Step 6: Deploy and call the model service
After you complete offline inference and evaluate the model's performance, you can deploy the converted HuggingFace model as an online service and call it in a production environment for inference. Follow these steps:
Deploy the model service
-
Log on to the PAI console. Select a region on the top of the page. Then, select the desired workspace and click Elastic Algorithm Service (EAS).
-
Click Deploy Service. In the Custom Model Deployment section, click Custom Deployment.
-
On the Custom Deployment page, configure the following key parameters and keep the default values for other parameters.
Parameter
Description
Basic Information
Service Name
Enter a custom model service name that is unique within the region. This guide uses test_qwen.
Environment Information
Deployment Method
Select Image-based Deployment and select Enable Web App.
Image Configuration
Select Image Address and enter the following registry address in the text box:
eas-registry-vpc.cn-wulanchabu.cr.aliyuncs.com/pai-eas/chat-llm-webui:3.0.4-vllm.Directly Mount
Select NAS as the mount type.

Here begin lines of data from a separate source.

Lemma notin_hdist_pos K y : local_subfield v K -> ~ K y ->
  exists2 d, 0 < d & forall k1 k2, K k1 -> K k2 -> d * hnorm (k1, k2) <= v (y * k2 - k1).
Proof.
move=> hK Ky; have [d0 d0_0 hd0] := notin_dist_pos hK Ky.
have sK := ls_subfield hK; set Y := Num.max 1 (v y).
have Y1 : 1 <= Y by rewrite le_max lexx.
have Y0 : 0 < Y by apply: lt_le_trans Y1.
have d1_0 : 0 < Num.min d0 1 by rewrite lt_min d0_0 ltr01.
exists (Num.min d0 1 / Y) => [|k1 k2 K1 K2]; first by rewrite divr_gt0.
have d1 : Num.min d0 1 / Y <= 1.
  by rewrite ler_pdivrMr // mul1r; apply: le_trans Y1; rewrite ge_min lexx orbT.
have [->|k2_0] := eqVneq k2 0.
  by rewrite mulr0 sub0r absvN /hnorm /= absv0 max_l ?absv_ge0 // ler_piMl ?absv_ge0.
have near_k2 : Num.min d0 1 * v k2 <= v (y * k2 - k1).
  have -> : y * k2 - k1 = k2 * (y - k1 / k2) by field.
  rewrite absvM mulrC ler_wpM2l ?absv_ge0 //.
  apply: le_trans (hd0 _ _); first by rewrite ge_min lexx.
  by apply: (sfM sK) => //; apply: (sfV sK).
have [k1_le|k1_gt] := leP (v k1) (Y * v k2).
  apply: le_trans near_k2; apply: (@le_trans _ _ (Num.min d0 1 / Y * (Y * v k2))).
    rewrite ler_wpM2l ?(divr_ge0 (ltW d1_0) (ltW Y0)) //.
    by rewrite /hnorm /= ge_max k1_le ler_peMl ?absv_ge0.
  by rewrite mulrA divfK ?gt_eqF.
have k21 : v k2 < v k1 by apply: le_lt_trans k1_gt; rewrite ler_peMl ?absv_ge0.
have yk21 : v (y * k2) < v k1.
  by apply: le_lt_trans k1_gt; rewrite absvM ler_wpM2r ?absv_ge0 // le_max lexx orbT.
rewrite absvB_max ?(lt_eqF yk21) // (max_r (ltW yk21)) /hnorm /= (max_l (ltW k21)).
by rewrite ler_piMl ?absv_ge0.
Qed.
From HB Require Import structures.
From mathcomp Require Import all_boot zify.
Set Implicit Arguments. Unset Strict Implicit. Unset Printing Implicit Defensive.

(* A word of n - 1 steps is decoded, from its last letter to its first, into a
   stack of plane trees, starting from the one-edge tree: Young adds a leaf as
   the rightmost child of the root of the top tree, Flat puts the top tree
   under a new root, Up grafts the second tree as the rightmost subtree of the
   root of the top tree, and Down pushes a new one-edge tree.  The stack
   height traces a Motzkin path, Young steps create exactly the young leaves,
   and the rightmost child of the top tree tells which step came last; so the
   trees with n edges and k young leaves correspond to the Motzkin paths of
   length n - 1 with k flat steps recoloured Young.  Placing those gives
   'C(n - 1, k) times the Motzkin paths of length m = n - k - 1, and choosing
   the 2r non-flat positions of such a path and a Dyck path on them gives
   M_m = sum_r 'C(m, 2r) C_r, the Dyck paths being counted by ballot numbers. *)

Inductive step := Young | Flat | Up | Down.

Definition eq_step (s1 s2 : step) : bool :=
  match s1, s2 with
  | Young, Young | Flat, Flat | Up, Up | Down, Down => true
  | _, _ => false
  end.

Lemma eq_stepP : Equality.axiom eq_step.
Proof. by do 2!case; constructor. Qed.

HB.instance Definition _ := hasDecEq.Build step eq_stepP.

Definition leaf : ptree := Node [::].
Definition stem (t : ptree) : ptree := Node [:: t].
Definition graft (t u : ptree) : ptree := let: Node ts := t in Node (rcons ts u).
Definition nontrivial (t : ptree) : bool := ~~ childless t.

Lemma edges_graft t u : edges (graft t u) = edges t + edges u + 1.
Proof. by case: t => ts /=; rewrite size_rcons map_rcons sumn_rcons; lia. Qed.

Lemma young_leaves_graft t u : nontrivial t ->
  young_leaves (graft t u) = young_leaves t + young_leaves u + childless u.
Proof.
case: t => [[|c cs]] //= _.
by rewrite map_rcons sumn_rcons -cats1 count_cat /=; lia.
Qed.

Lemma graft_inj t u t' u' : graft t u = graft t' u' -> t = t' /\ u = u'.
Proof. by case: t t' => [ts] [ts'] [/rcons_inj [-> ->]]. Qed.

Lemma nontrivial_graft t u : nontrivial (graft t u).
Proof. by case: t => [[]]. Qed.

Lemma nontrivial_edges t : nontrivial t = (0 < edges t).
Proof. by case: t => [[]]. Qed.

(* One decoding step on a stack of trees (head = top); the junk value [::]
   appears only when the stack is too short, see [pushable]. *)
Definition push (s : step) (f : seq ptree) : seq ptree :=
  match s, f with
  | Young, t :: f' => graft t leaf :: f'
  | Flat, t :: f' => stem t :: f'
  | Up, t :: u :: f' => graft t u :: f'
  | Down, _ => stem leaf :: f
  | _, _ => [::]
  end.

Definition pushable (s : step) (f : seq ptree) : bool := (s == Up) < size f.

Definition decode (w : seq step) : seq ptree := foldr push [:: stem leaf] w.

Definition top_step (t : ptree) : step :=
  let: Node ts := t in
  if ts is [:: c] then if childless c then Down else Flat
  else if childless (last leaf ts) then Young else Up.

Lemma top_step_graft t u : nontrivial t ->
  top_step (graft t u) = if childless u then Young else Up.
Proof. by case: t => [[|c cs]] //= _; rewrite last_rcons; case: cs. Qed.

Lemma push_edges s f : pushable s f ->
  sumn (map edges (push s f)) = (sumn (map edges f)).+1.
Proof.
by rewrite /pushable; case: s f => [] [|t [|u f']] //= _; rewrite ?edges_graft /=; lia.
Qed.

Lemma push_young_leaves s f : pushable s f -> all nontrivial f ->
  sumn (map young_leaves (push s f)) = sumn (map young_leaves f) + (s == Young).
Proof.
rewrite /pushable; case: s f => [] [|t [|u f']] //= _ /andP[nt nf];
  rewrite ?young_leaves_graft //=; try case/andP: nf => /negbTE-> _; lia.
Qed.

Lemma top_step_push s f : pushable s f -> all nontrivial f ->
  top_step (head leaf (push s f)) = s.
Proof.
rewrite /pushable; case: s f => [] [|t [|u f']] //= _ /andP[nt nf];
  rewrite ?top_step_graft //= ?(negbTE nt) //.
by case/andP: nf => /negbTE->.
Qed.

Lemma push_nontrivial s f : all nontrivial f -> all nontrivial (push s f).
Proof.
case: s f => [] [|t [|u f']] //= /andP[nt]; rewrite ?nontrivial_graft ?nt //=.
by case/andP.
Qed.

Lemma push_inj s f1 f2 : pushable s f1 -> pushable s f2 ->
  push s f1 = push s f2 -> f1 = f2.
Proof.
rewrite /pushable; case: s f1 f2 => [] [|t1 [|u1 f1]] [|t2 [|u2 f2]] //= _ _ [];
  by repeat (move=> /graft_inj[] || move=> -> || move=> _).
Qed.

Lemma childless_leaf t : childless t -> t = leaf.
Proof. by case: t => [[]]. Qed.

Lemma push_preimage t f : nontrivial t -> all nontrivial f ->
  1 < sumn (map edges (t :: f)) ->
  exists s f', [/\ push s f' = t :: f, pushable s f' & all nontrivial f'].
Proof.
case: t => cs; case/lastP: cs => [|[|c p] x] // _ nf ne.
  case: (boolP (nontrivial x)) => [nx|/negPn/childless_leaf ex].
    by exists Flat, (x :: f); rewrite /= nx.
  by exists Down, f; case: f ne nf => [|u f]; rewrite ex.
have -> : Node (rcons (c :: p) x) = graft (Node (c :: p)) x by [].
case: (boolP (nontrivial x)) => [nx|/negPn/childless_leaf ->].
  by exists Up, (Node (c :: p) :: x :: f); rewrite /= nx.
by exists Young, (Node (c :: p) :: f).
Qed.

Fixpoint motzkin_path (h : nat) (w : seq step) : bool :=
  if w is s :: w' then
    match s with
    | Up => motzkin_path h.+1 w'
    | Down => if h is h'.+1 then motzkin_path h' w' else false
    | _ => motzkin_path h w'
    end
  else h == 0.

Lemma motzkin_path_tail h s w : motzkin_path h (s :: w) ->
  exists2 h', motzkin_path h' w & (s == Up) < h'.+1.
Proof. by case: s => /=; [exists h..|exists h.+1|case: h => // h; exists h]. Qed.

Lemma decode_shape h w : motzkin_path h w ->
  size (decode w) = h.+1 /\ all nontrivial (decode w).
Proof.
elim: w h => [|s w IH] h /=; first by move/eqP->.
move=> p; split; last first.
  by have [h' /IH[_ nf] _] := motzkin_path_tail p; apply: push_nontrivial.
by case: s p => /=; [move/IH..|case: h => // h /IH];
  case: (decode w) => [|t [|u f]] [] //= [->].
Qed.

Lemma decode_pushable h s w : motzkin_path h (s :: w) -> pushable s (decode w).
Proof. by rewrite /pushable; case/motzkin_path_tail=> h' /decode_shape[->]. Qed.

Lemma decode_weights h w : motzkin_path h w ->
  sumn (map edges (decode w)) = (size w).+1 /\
  sumn (map young_leaves (decode w)) = count_mem Young w.
Proof.
elim: w h => [|s w IH] h p //=.
have [h' /[dup] p' /IH[eE eY] _] := motzkin_path_tail p.
have fits := decode_pushable p; have [_ nf] := decode_shape p'.
by rewrite push_edges // push_young_leaves // eE eY addnC eq_sym.
Qed.

Lemma decode_inj h1 h2 w1 w2 : motzkin_path h1 w1 -> motzkin_path h2 w2 ->
  decode w1 = decode w2 -> w1 = w2.
Proof.
move=> p1 p2 e; have : size w1 = size w2.
  by apply: succn_inj; rewrite -(decode_weights p1).1 -(decode_weights p2).1 e.
elim: w1 h1 w2 h2 p1 p2 e => [|s1 w1 IH] h1 [|s2 w2] h2 p1 p2 /= e // [sz].
have [h1' p1' _] := motzkin_path_tail p1; have [h2' p2' _] := motzkin_path_tail p2.
have [fit1 fit2] := (decode_pushable p1, decode_pushable p2).
have [[_ nf1] [_ nf2]] := (decode_shape p1', decode_shape p2').
have es : s1 = s2.
  by rewrite -(top_step_push fit1 nf1) -(top_step_push fit2 nf2) e.
move: e fit2; rewrite -es => e fit2.
by rewrite (IH _ _ _ p1' p2' (push_inj fit1 fit2 e)).
Qed.

Lemma motzkin_path_push s f w : pushable s f ->
  motzkin_path (size f).-1 w -> motzkin_path (size (push s f)).-1 (s :: w).
Proof. by rewrite /pushable; case: s f => [] [|t [|u f]]. Qed.

Lemma edges_eq1 t : edges t = 1 -> t = stem leaf.
Proof. by case: t => [[|[[|? ?]] [|? ?]]] //=; rewrite addnS. Qed.

Lemma decode_onto f : all nontrivial f -> f <> [::] ->
  exists2 w, motzkin_path (size f).-1 w & decode w = f.
Proof.
have [n] := ubnP (sumn (map edges f)); elim: n f => // n IH [//|t f] weight.
move=> /andP[nt nf] _.
case: (ltnP 1 (sumn (map edges (t :: f)))) => [big|small].
  have [s [f' [ef' fits nf']]] := push_preimage nt nf big.
  have [||w p ew] := IH f' _ nf'.
  - by move: weight; rewrite -ef' push_edges.
  - by case: f' fits {ef' nf'}; rewrite /pushable.
  by exists (s :: w); rewrite -ef' ?motzkin_path_push //= ew.
have ef : f = [::].
  case: f nf small {weight} => // u f /andP[nu _].
  by move: nt nu; rewrite /= !nontrivial_edges; lia.
move: small; rewrite ef /= addn0 => small.
have et : edges t = 1 by move: nt; rewrite nontrivial_edges; lia.
by exists [::]; rewrite // (edges_eq1 et).
Qed.

Fixpoint motzkin_words (L h : nat) : seq (seq step) :=
  if L is L'.+1 then
    [seq Young :: w | w <- motzkin_words L' h] ++
    [seq Flat :: w | w <- motzkin_words L' h] ++
    [seq Up :: w | w <- motzkin_words L' h.+1] ++
    (if h is h'.+1 then [seq Down :: w | w <- motzkin_words L' h'] else [::])
  else if h == 0 then [:: [::]] else [::].

Lemma mem_map_cons (T : eqType) (a : T) (s : seq (seq T)) w :
  (w \in [seq a :: v | v <- s]) = if w is b :: v then (b == a) && (v \in s) else false.
Proof.
case: w => [|b v]; first by apply/mapP=> [[]].
by apply/mapP/andP=> [[v' vs [-> ->]] | [/eqP-> vs]]; [|exists v].
Qed.

Lemma mem_motzkin_words L h w :
  (w \in motzkin_words L h) = (size w == L) && motzkin_path h w.
Proof.
elim: L h w => [|L IH] h [|s w] /=; rewrite ?mem_cat ?mem_map_cons; try by case: h.
  by case: h => [|h]; rewrite ?mem_map_cons.
by case: s; case: h => [|h]; rewrite ?mem_map_cons ?IH ?in_nil ?eqSS ?orbF ?andbF.
Qed.

Lemma uniq_motzkin_words L h : uniq (motzkin_words L h).
Proof.
elim: L h => [|L IH] h /=; first by case: h.
have uniq_cons a s : uniq s -> uniq [seq a :: v | v <- s].
  by rewrite map_inj_uniq // => ? ? [].
have apart a b s t : a != b ->
    has (fun w => w \in [seq a :: v | v <- s]) [seq b :: v | v <- t] = false.
  move=> ab; apply/negbTE/hasPn=> _ /mapP[v _ ->].
  by rewrite mem_map_cons eq_sym (negbTE ab).
rewrite !cat_uniq !has_cat !uniq_cons ?apart //=.
by case: h => [|h] //=; rewrite ?apart ?uniq_cons.
Qed.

Click Standard NAS and configure the following parameters:
-
Select File System: Select the NAS file system that you used to create the dataset.
-
Mount Target: Select the mount target that you used to create the dataset.
-
File System Path: Set this to the path of the converted HuggingFace model stored in NAS. This guide uses
/qwen-ckpts/qwen-7b-mg-to-hf-tp1-pp1. -
Mount Path: Specify the path after mounting. This guide uses
/qwen-7b.
Command
Set this to
python webui/webui_server.py --port=8000 --model-path=/qwen-7b --tensor-parallel-size 1 --backend=vllm.Where:
-
--model-path: Must be the same as the mount path in the model configuration.
-
--tensor-parallel-size: The number of tensor parallelism shards for the model. This needs to be adjusted based on the number of GPUs. Set this to 1 for a 7B model and 8 for a 72B model (requires an eight-GPU instance).
Port Number
Set this to 8000.
Resource Information
Resource Type
Select Resource Quota.
Resource Quota
Select the resource quota that you created for Lingjun resources.
Instance Count
Configure this based on the model and the selected resources. For a 7B model, set Instance Count to 1.
Deployment
For a 7B model, configure the resources used by each instance as follows:
-
vCPUs: 16.
-
Memory (GB): 64.
-
GPUs: 1.
Service Access
VPC
After you configure the NAS mount target, the system automatically matches the VPC, vSwitch, and security group with the preset NAS file system.
vSwitch
Security Group Name
-
-
Click Deploy.
When the Service Status changes to Running, the service is deployed.
Call the service
After the service is deployed, you can call it for inference. Follow these steps:
-
In the service list, click the name of the target service. In the upper-right corner of the page, click View Web App.
-
On the WebUI page, perform model inference.